The Killing Season brings us close to the real human consequences of some of the things that go on in the house on the hill when it morphs into the nightmare world of Wolf Hall. One of the insights it offers is that politicians can have very strong human relationships, with all the associated vulnerability. Greg Combet’s enduring loyalty to Beazley shapes his perspective on the whole cycle of feuding that followed under Rudd and Gillard. He is sceptical, detached, openly disgusted by the display of ambition on both sides. “I had the shits big time,” is the crux of what he has to say.

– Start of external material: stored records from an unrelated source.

(* Let $f$ satisfy Assumption A, $g$ satisfy Assumption B, $L>L_f$, and let $(u_k)$ be a sequence of proximal gradient iterates with parameter $L$. Then $u_{k+1}(x)-u_k(x)\to0$ for almost all $x\in\Omega$.
   Context: $\Omega\subset\mathbb{R}^n$ Lebesgue measurable with finite measure. Assumption A: $f:L^2(\Omega)\to\mathbb{R}$ bounded below, weakly lower semicontinuous, Fréchet differentiable, $\nabla f$ Lipschitz with constant $L_f$. Assumption B on $g:\mathbb{R}\to\mathbb{R}\cup\{+\infty\}$: (B1) lsc, symmetric, $g(0)=0$; (B2) $g(u)<\infty$ for some $u\ne0$; (B3) one of (B3a) $g$ twice differentiable on some $(0,\epsilon)$, $\limsup_{u\searrow0}g''(u)\in(-\infty,0)$; (B3b) same differentiability, $\lim_{u\searrow0}g''(u)=-\infty$; (B3c) $\liminf_{u\searrow0}g(u)>0$; (B4) $g\ge0$. Proximal gradient iterates with parameter $L>0$: $(u_k)_{k\ge0}\subset L^2(\Omega)$, arbitrary $u_0$, each $u_{k+1}$ a global minimizer over $L^2(\Omega)$ of $f(u_k)+\int_\Omega\nabla f(u_k)(u-u_k)\,dx+\frac L2\|u-u_k\|^2_{L^2(\Omega)}+\int_\Omega g(u(x))\,dx$. *)

From HB Require Import structures.
From mathcomp Require Import all_boot all_order all_algebra.
From mathcomp Require Import all_classical all_reals all_analysis.

Set Implicit Arguments.
Unset Strict Implicit.
Unset Printing Implicit Defensive.

Import Order.TTheory GRing.Theory Num.Theory.
Import numFieldNormedType.Exports.

Local Open Scope classical_set_scope.
Local Open Scope ring_scope.

Section L2.
Context {d : measure_display} {T : measurableType d} {R : realType}.
Variables (mu : {measure set T -> \bar R}) (Om : set T).

(** membership in L^2(Om) (functions are representatives of classes) *)
Definition inL2 (u : T -> R) : Prop :=
  measurable_fun Om u /\ (\int[mu]_(x in Om) ((u x) ^+ 2)%:E < +oo)%E.

Definition ipL2 (u v : T -> R) : R := \int[mu]_(x in Om) (u x * v x).
Definition normL2 (u : T -> R) : R := Num.sqrt (\int[mu]_(x in Om) (u x ^+ 2)).

Definition L2_welldefined (f : (T -> R) -> R) : Prop :=
  forall u v, inL2 u -> inL2 v -> {ae mu, forall x, Om x -> u x = v x} ->
    f u = f v.

Definition L2_bounded_below (f : (T -> R) -> R) : Prop :=
  exists m : R, forall u, inL2 u -> m <= f u.

Definition L2_weak_cvg (uk : nat -> T -> R) (u : T -> R) : Prop :=
  forall w, inL2 w -> ipL2 (uk k) w @[k --> \oo] --> ipL2 u w.

Definition L2_weakly_lsc (f : (T -> R) -> R) : Prop :=
  forall (uk : nat -> T -> R) (u : T -> R),
    (forall k, inL2 (uk k)) -> inL2 u -> L2_weak_cvg uk u ->
    ((f u)%:E <= limn_einf (fun k => (f (uk k))%:E))%E.

Definition L2_frechet_gradient (f : (T -> R) -> R) (df : (T -> R) -> (T -> R))
  : Prop :=
  forall u, inL2 u ->
    inL2 (df u) /\
    forall eps : R, 0 < eps -> exists2 delta : R, 0 < delta &
      forall h, inL2 h -> normL2 h < delta ->
        `| f (u \+ h) - f u - ipL2 (df u) h | <= eps * normL2 h.

Definition L2_lipschitz (F : (T -> R) -> (T -> R)) (Lf : R) : Prop :=
  forall u v, inL2 u -> inL2 v -> normL2 (F u \- F v) <= Lf * normL2 (u \- v).

Definition AssumptionA (f : (T -> R) -> R) (df : (T -> R) -> (T -> R)) (Lf : R)
  : Prop :=
  [/\ L2_welldefined f, L2_bounded_below f, L2_weakly_lsc f,
      L2_frechet_gradient f df & L2_lipschitz df Lf].

Definition prox_objective (f : (T -> R) -> R) (df : (T -> R) -> (T -> R))
  (g : R -> \bar R) (L : R) (uk u : T -> R) : \bar R :=
  ((f uk)%:E + (ipL2 (df uk) (u \- uk))%:E
   + (L / 2 * normL2 (u \- uk) ^+ 2)%:E
   + \int[mu]_(x in Om) g (u x))%E.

Wayne Swan might have been expected to stand by Rudd in the same way. They’d known each other since school days, worked together on sweeping reforms in the Queensland government, and fronted the challenge of the global financial crisis as a team. Interviews with the two of them about their last phone call – they have not spoken since that day in 2010 – are intercut to devastating effect. Swan looks barely in control as he recalls it. “I told him I viewed his position as being untenable.” Et tu, Brute? Rudd’s comment now is about gut feeling. “Well – mate – you could have spoken to me.”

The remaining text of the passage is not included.